Fund IV marks some shifts in High Alpha’s operating strategy—notably, it plans to launch fewer companies per year than it traditionally has in the past, and it has cut its staff nearly in half. The firm will also bring its startup-launch and venture-investing arms together in a single entity.
One of High Alpha’s distinguishing features is that the firm both launches its own businesses and invests in other people’s startups.
The firm has invested in more than 90 North American companies over the past nine years. Of those 90, about 40 of them were created internally out of an entity called High Alpha Studio.

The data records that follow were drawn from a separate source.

(* For real $0\le x<1$, $$ \begin{aligned} \mathcal C_2\left(\tfrac x2\right)&=\left(2\cos\tfrac{\pi x}{2}\right)^{\frac x2}\exp\left(\frac1{2\pi}\sum_{n=1}^\infty \frac{(-1)^n\sin(\pi nx)}{n^{2}}\right), \\ \mathcal C_3\left(\tfrac x2\right)&=\left(2\cos\tfrac{\pi x}{2}\right)^{(\frac x2)^2}\exp\biggl(\frac1{2\pi^2}\sum_{n=1}^\infty \frac{(-1)^n\cos(\pi nx)}{n^{3}} +\frac x{2\pi}\sum_{n=1}^\infty \frac{(-1)^n\sin(\pi nx)}{n^{2}}+\frac1{2\pi^2}\zeta_E(3)\biggr),\\ \mathcal C_4\left(\tfrac x2\right)&=\left(2\cos\tfrac{\pi x}{2}\right)^{(\frac x2)^3}\exp\biggl(\frac{3x}{4\pi^2}\sum_{n=1}^\infty \frac{(-1)^n\cos(\pi nx)}{n^{3}} -\frac 3{4\pi^3}\sum_{n=1}^\infty \frac{(-1)^n\sin(\pi nx)}{n^{4}}+\frac{3x^2}{8\pi}\sum_{n=1}^\infty \frac{(-1)^n\sin(\pi nx)}{n^{2}}\biggr), \\ \mathcal C_5\left(\tfrac x2\right)&=\left(2\cos\tfrac{\pi x}{2}\right)^{(\frac x2)^4}\exp\biggl(-\frac{3}{2\pi^4}\sum_{n=1}^\infty \frac{(-1)^n\cos(\pi nx)}{n^{5}} +\frac{3x^2}{4\pi^2}\sum_{n=1}^\infty \frac{(-1)^n\cos(\pi nx)}{n^{3}}-\frac{3x}{2\pi^3}\sum_{n=1}^\infty \frac{(-1)^n\sin(\pi nx)}{n^{4}} \\ &\qquad+\frac{x^3}{4\pi}\sum_{n=1}^\infty \frac{(-1)^n\sin(\pi nx)}{n^{2}}-\frac3{2\pi^4}\zeta_E(5) \biggr). \end{aligned} $$
   Context: For an integer $r\ge2$ let $P_r(y)=(1-y)\exp\left(y+\frac{y^2}{2}+\cdots+\frac{y^r}{r}\right)$. For real $|x|<\tfrac12$, the Kurokawa–Koyama multiple cosine function of order $r$ is the convergent positive product $\mathcal C_r(x)=\prod_{n\ge1,\ n\text{ odd}}\left\{P_r\left(\frac{x}{n/2}\right)P_r\left(-\frac{x}{n/2}\right)^{(-1)^{r-1}}\right\}^{(n/2)^{r-1}}$. $\zeta_E(s)=\sum_{n=1}^\infty\frac{(-1)^{n+1}}{n^s}$. *)

From Stdlib Require Import Reals.
From Coquelicot Require Import Coquelicot.
Open Scope R_scope.

Definition Pr (r : nat) (y : R) : R :=
  (1 - y) * exp (sum_f_R0 (fun k => y ^ (k + 1) / INR (k + 1)) (r - 1)).

Definition mcos_factor (r : nat) (x : R) (m : nat) : R :=
  let h := INR m / 2 in
  Rpower (Pr r (x / h) * Rpower (Pr r (- (x / h))) ((-1) ^ (r - 1)))
         (h ^ (r - 1)).

Fixpoint mcos_partial (r : nat) (x : R) (N : nat) : R :=
  match N with
  | O => 1
  | S N' => mcos_partial r x N' * mcos_factor r x (2 * N' + 1)
  end.

(* The Kurokawa--Koyama multiple cosine C_r(x) as the limit of its partial
   products (the product converges for |x| < 1/2). *)
Definition mcos (r : nat) (x : R) : Rbar := Lim_seq (mcos_partial r x).

Definition Ssin (k : nat) (x : R) : R :=
  Series (fun m => (-1) ^ (m + 1) * sin (PI * INR (m + 1) * x) / INR (m + 1) ^ k).

Definition Scos (k : nat) (x : R) : R :=
  Series (fun m => (-1) ^ (m + 1) * cos (PI * INR (m + 1) * x) / INR (m + 1) ^ k).

Definition zetaE (s : nat) : R :=
  Series (fun m => (-1) ^ m / INR (m + 1) ^ s).

From Stdlib Require Import Reals Lra Lia.
From Coquelicot Require Import Coquelicot.
Open Scope R_scope.

(** Taking logarithms turns [C_r (y)] into a series [log_mcos r y] whose
    [n]-th term has derivative [- y^(r-1) * 2 y / ((n/2)^2 - y^2)]; by the
    partial fraction expansion of the tangent (obtained from that of the
    cotangent, proved by Herglotz's trick) the derivative of [log_mcos r] is
    [- y^(r-1) PI tan (PI y)].  The claimed logarithms have the same derivative
    in [x = 2 y]: [Ssin 2] has derivative [- PI ln (2 cos (PI x / 2))] (by Abel
    summation of [sum (-1)^n r^n cos (n t) / n = - ln (1 + 2 r cos t + r^2) / 2])
    and the higher [Ssin], [Scos] differentiate termwise into one another.
    Both sides vanish at [0], so they agree. *)

Lemma is_series_sum_f_R0 (a : nat -> R) (l : R) :
  is_series a l <-> is_lim_seq (fun N => sum_f_R0 a N) l.
Proof. rewrite is_series_Reals, is_lim_seq_Reals. reflexivity. Qed.

Lemma is_lim_seq_Series (a : nat -> R) :
  ex_series a -> is_lim_seq (fun N => sum_f_R0 a N) (Series a).
Proof. intro Ha. apply is_series_sum_f_R0, Series_correct, Ha. Qed.

Lemma is_lim_seq_opp' (u : nat -> R) (l : R) :
  is_lim_seq u l -> is_lim_seq (fun n => - u n) (- l).
Proof. exact (proj1 (is_lim_seq_opp u l)). Qed.

Lemma is_lim_seq_scal_l' (u : nat -> R) (c l : R) :
  is_lim_seq u l -> is_lim_seq (fun n => c * u n) (c * l).
Proof. exact (is_lim_seq_scal_l u c l). Qed.

Lemma is_lim_seq_uniq (u : nat -> R) (l1 l2 : R) :
  is_lim_seq u l1 -> is_lim_seq u l2 -> l1 = l2.
Proof.
  intros H1 H2. apply is_lim_seq_unique in H1, H2.
  rewrite H1 in H2. now injection H2.
Qed.

Lemma Series_null (a : nat -> R) : (forall n, a n = 0) -> Series a = 0.
Proof.
  intro H. rewrite (Series_ext a (fun n => 0 * a n)) by (intro n; rewrite H; ring).
  rewrite Series_scal_l. ring.
Qed.

Lemma ex_series_Rabs_le (a b : nat -> R) :
  (forall n, Rabs (a n) <= b n) -> ex_series b -> ex_series a.
Proof. intros Hab Hb. now apply (ex_series_le (V := R_CompleteNormedModule) a b). Qed.

Lemma is_lim_seq_inv_INR_plus (c : R) : is_lim_seq (fun N => / (INR N + c)) 0.
Proof.
  replace (Finite 0) with (Rbar_inv p_infty) by reflexivity.
  apply is_lim_seq_inv; [|discriminate].
  eapply is_lim_seq_plus; [apply is_lim_seq_INR | apply is_lim_seq_const | reflexivity].
Qed.

Lemma ex_series_inv_succ_sqr : ex_series (fun n => / (INR n + 1) ^ 2).
Proof.
  set (b := fun n => 2 * (/ (INR n + 1) - / (INR n + 2))).
  (* the majorant [b] telescopes *)
  assert (Hb : forall N, sum_f_R0 b N = 2 * (1 - / (INR N + 2))).
  { induction N as [|N IH]; simpl sum_f_R0.
    - unfold b; simpl; field.
    - rewrite IH. unfold b. rewrite S_INR. field. pose proof (pos_INR N); split; lra. }
  apply (ex_series_Rabs_le _ b).
  - intro n. unfold b. pose proof (pos_INR n).
    replace (2 * (/ (INR n + 1) - / (INR n + 2)))
      with (/ ((INR n + 1) * (INR n + 2) / 2)) by (field; lra).
    rewrite Rabs_pos_eq by (apply Rlt_le, Rinv_0_lt_compat; nra).
    apply Rinv_le_contravar; nra.
  - exists 2. apply is_series_sum_f_R0.
    apply is_lim_seq_ext with (fun N => 2 * (1 - / (INR N + 2))); [intro; now rewrite Hb|].
    assert (L := is_lim_seq_scal_l' _ 2 _ (is_lim_seq_minus' _ _ 1 0
                   (is_lim_seq_const 1) (is_lim_seq_inv_INR_plus 2))).
    now replace (2 * (1 - 0)) with 2 in L by ring.
Qed.

Lemma ex_series_scal_inv_succ_sqr (c : R) : ex_series (fun n => c * / (INR n + 1) ^ 2).
Proof. exact (ex_series_scal_l c _ ex_series_inv_succ_sqr). Qed.

Lemma Rabs_Series_le (a b : nat -> R) :
  (forall n, Rabs (a n) <= b n) -> ex_series b -> Rabs (Series a) <= Series b.
Proof.
  intros Hab Hb.
  assert (Ha : ex_series (fun n => Rabs (a n))).
  { apply (ex_series_Rabs_le _ b); auto. intro n. now rewrite Rabs_Rabsolu. }
  eapply Rle_trans; [now apply Series_Rabs|].
  apply Series_le; auto. intro n; split; auto using Rabs_pos.
Qed.

Lemma CVU_Series (u : nat -> R -> R) (M : nat -> R) c (r : posreal) :
  (forall n y, Boule c r y -> Rabs (u n y) <= M n) -> ex_series M ->
  CVU (fun n y => sum_f_R0 (fun k => u k y) n) (fun y => Series (fun k => u k y)) c r.
Proof.
  intros HM HMs eps Heps.
  destruct (proj1 (is_lim_seq_Reals _ _) (is_lim_seq_Series M HMs) eps Heps) as [N HN].
  exists N. intros n y Hn Hy.
  assert (Hu : ex_series (fun k => u k y)) by (apply (ex_series_Rabs_le _ M); auto).
  assert (tail : forall a, ex_series a ->
            Series a - sum_f_R0 a n = Series (fun k => a (S n + k)%nat)).
  { intros a Ha. rewrite (Series_incr_n a (S n)) by (lia || auto). simpl pred. ring. }
  rewrite tail by auto.
  eapply Rle_lt_trans.
  { apply (Rabs_Series_le _ (fun k => M (S n + k)%nat)); [intro k; apply HM; auto|].
    now apply (ex_series_incr_n M (S n)). }
  rewrite <- tail by auto.
  specialize (HN n Hn). unfold Rdist in HN. rewrite Rabs_minus_sym in HN.
  eapply Rle_lt_trans; [apply Rle_abs | exact HN].
Qed.

Lemma derivable_pt_lim_sum_f_R0 (u u' : nat -> R -> R) y :
  (forall n, derivable_pt_lim (u n) y (u' n y)) ->
  forall N, derivable_pt_lim (fun y => sum_f_R0 (fun k => u k y) N) y
                             (sum_f_R0 (fun k => u' k y) N).
Proof.
  intros H N; induction N as [|N IH]; simpl; [apply H|].
  now apply (derivable_pt_lim_plus (fun y => sum_f_R0 (fun k => u k y) N) (u (S N))).
Qed.

Lemma derivable_pt_lim_Series (u u' : nat -> R -> R) (M : nat -> R) c (r : posreal) :
  (forall n y, Boule c r y -> derivable_pt_lim (u n) y (u' n y)) ->
  (forall n y, Boule c r y -> Rabs (u' n y) <= M n) -> ex_series M ->
  (forall y, Boule c r y -> ex_series (fun n => u n y)) ->
  forall y, Boule c r y ->
  derivable_pt_lim (fun y => Series (fun n => u n y)) y (Series (fun n => u' n y)).
Proof.
  intros Hd HM HMs Hex.
  apply (CVU_derivable (fun n y => sum_f_R0 (fun k => u k y) n)
                       (fun n y => sum_f_R0 (fun k => u' k y) n)); auto.
  - now apply (CVU_Series u' M).
  - intros x Hx. apply is_lim_seq_Reals, is_lim_seq_Series; auto.
  - intros n x Hx. apply derivable_pt_lim_sum_f_R0. auto.
Qed.

Lemma Boule_0 (r : posreal) y : Boule 0 r y <-> Rabs y < r.
Proof. unfold Boule. now rewrite Rminus_0_r. Qed.

Lemma continuity_pt_ex_derive (f : R -> R) x : ex_derive f x -> continuity_pt f x.
Proof. intro H. apply continuity_pt_filterlim, (ex_derive_continuous f x H). Qed.

Lemma null_derivative_eq (D : R -> R) a b : a <= b ->
  (forall z, a < z < b -> derivable_pt_lim D z 0) ->
  (forall z, a <= z <= b -> continuity_pt D z) -> D b = D a.
Proof.
  intros Hab Hd Hc.
  assert (pr : forall x, a < x < b -> derivable_pt D x) by (intros x Hx; exists 0; exact (Hd x Hx)).
  apply (null_derivative_loc D a b pr Hc); [|lra].
  intros x P. apply derive_pt_eq_0. now apply Hd.
Qed.

Lemma Rabs_div_le a b c d : Rabs a <= c -> 0 < d <= Rabs b -> Rabs (a / b) <= c / d.
Proof.
  intros Ha [Hd Hb]. unfold Rdiv. rewrite Rabs_mult, Rabs_inv.
  apply Rmult_le_compat; auto using Rabs_pos.
  - apply Rlt_le, Rinv_0_lt_compat; lra.
  - now apply Rinv_le_contravar.
Qed.

Lemma Rabs_m1_pow m : Rabs ((-1) ^ m) = 1.
Proof. rewrite <- RPow_abs, Rabs_m1. apply pow1. Qed.

Lemma INR_add1 m : INR (m + 1) = INR m + 1.
Proof. rewrite plus_INR; simpl; ring. Qed.

Lemma PI_bounds : 3 < PI <= 4.
Proof. split; [pose proof PI2_3_2; lra | apply PI_4]. Qed.

(** * Partial fractions of the cotangent *)

Definition cot_pf_term (x : R) (n : nat) : R := 2 * x / (x ^ 2 - INR (S n) ^ 2).

Fixpoint cot_partial (N : nat) (x : R) : R :=
  match N with O => 1 / x | S n => cot_partial n x + cot_pf_term x n end.

Definition cot_pf (x : R) : R := 1 / x + Series (cot_pf_term x).

Definition pi_cot (x : R) : R := PI * cos (PI * x) / sin (PI * x).

Lemma cot_pf_term_bound r x n : 0 <= r < 1 -> Rabs x <= r ->
  Rabs (cot_pf_term x n) <= 2 / (1 - r ^ 2) * / (INR n + 1) ^ 2.
Proof.
  intros Hr Hx. unfold cot_pf_term. rewrite S_INR. pose proof (pos_INR n).
  assert (Hx2 : x ^ 2 <= r ^ 2) by (rewrite <- pow2_abs; apply pow_incr; split; auto using Rabs_pos).
  replace (2 / (1 - r ^ 2) * / (INR n + 1) ^ 2)
    with (2 / ((1 - r ^ 2) * (INR n + 1) ^ 2)) by (field; nra).
  apply Rabs_div_le.
  - rewrite Rabs_mult, Rabs_pos_eq by lra. lra.
  - assert (Hn : 1 <= (INR n + 1) ^ 2) by nra.
    assert (Hr2 : r ^ 2 < 1) by nra.
    rewrite Rabs_left by nra. split; [nra|].
    assert (0 <= r ^ 2 * ((INR n + 1) ^ 2 - 1)) by (apply Rmult_le_pos; nra). nra.
Qed.

Lemma ex_series_cot_pf_term x : Rabs x < 1 -> ex_series (cot_pf_term x).
Proof.
  intro Hx. apply (ex_series_Rabs_le _ _ (fun n => cot_pf_term_bound (Rabs x) x n
                    (conj (Rabs_pos x) Hx) (Rle_refl _))).
  apply ex_series_scal_inv_succ_sqr.
Qed.

Lemma continuity_pt_Series_cot_pf_term c : Rabs c < 1 ->
  continuity_pt (fun x => Series (cot_pf_term x)) c.
Proof.
  intro Hc. set (r := (Rabs c + 1) / 2).
  assert (Hr : 0 < r < 1) by (unfold r; pose proof (Rabs_pos c); lra).
  apply (CVU_continuity (fun N x => sum_f_R0 (fun n => cot_pf_term x n) N) _ 0 (mkposreal r (proj1 Hr))).
  - apply (CVU_Series (fun n x => cot_pf_term x n) (fun n => 2 / (1 - r ^ 2) * / (INR n + 1) ^ 2)).
    + intros n y Hy. rewrite Boule_0 in Hy. simpl in Hy. apply cot_pf_term_bound; lra.
    + apply ex_series_scal_inv_succ_sqr.
  - intros N y Hy. rewrite Boule_0 in Hy. simpl in Hy.
    apply (continuity_pt_finite_SF (fun n x => cot_pf_term x n)). intros n _.
    apply continuity_pt_ex_derive. unfold cot_pf_term. rewrite S_INR.
    pose proof (pos_INR n). assert (Hy1 : Rabs y < 1) by lra. apply Rabs_def2 in Hy1.
    auto_derive. nra.
  - rewrite Boule_0. simpl. unfold r. lra.
Qed.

To help those studio startups grow, High Alpha helps them with branding, design, product development, engineering, human resources, finance and other services.
To date, High Alpha has averaged between four and five startup launches per year, although those numbers have varied widely from year to year: In 2017, High Alpha launched only one startup. At its peak in 2020, the firm launched 11.
Going forward, the firm will pull back on startup launches, with the aim of doing about two per year, High Alpha Partner Kristian Andersen said.
“Instead of spreading peanut butter across five or six companies a year and kind of measuring success on volume, we’re going to take a more targeted, focused approach,” Andersen said. “We’re going to get deeper with those companies.”
The shift shouldn’t be interpreted as a sign that High Alpha intends to stop launching startups, Andersen said.
As the firm was raising money from investors for Fund IV, those investors clearly indicated their desire for High Alpha to continue both investing in and creating startups, Andersen said. “They were really quite explicit with us that what makes us interesting and valuable in the market is that we start companies,” he said.
But with Fund IV, High Alpha is no longer raising separate funds for its startup studio and its investing activities, as it has in the past.
For instance, in early 2021, High Alpha closed on a $110 million venture fund and, later that year, it closed on an $18 million studio fund. The studio fund was used to launch companies and make initial investments into those startups. The venture fund was the source of subsequent investments into the studio startups and the venture fund also made investments into outside software companies.
In 2018, High Alpha raised $85 million for a venture fund and an additional $16.5 for a studio fund. This time around, the $125 million Fund IV will cover both startup-launching and venture-investing activities.
High Alpha is also operating with a smaller staff than it had several months ago. The firm’s website currently lists a staff of 24, compared with 45 listed in December.
The decision to launch fewer startups led High Alpha to “right-size” the number of people on its staff, Andersen said.
Several people who left jobs at High Alpha in recent months have gone on launch companies, including some companies affiliated with High Alpha. Other people have taken jobs at non-High Alpha companies, according to an analysis of those individuals’ LinkedIn pages.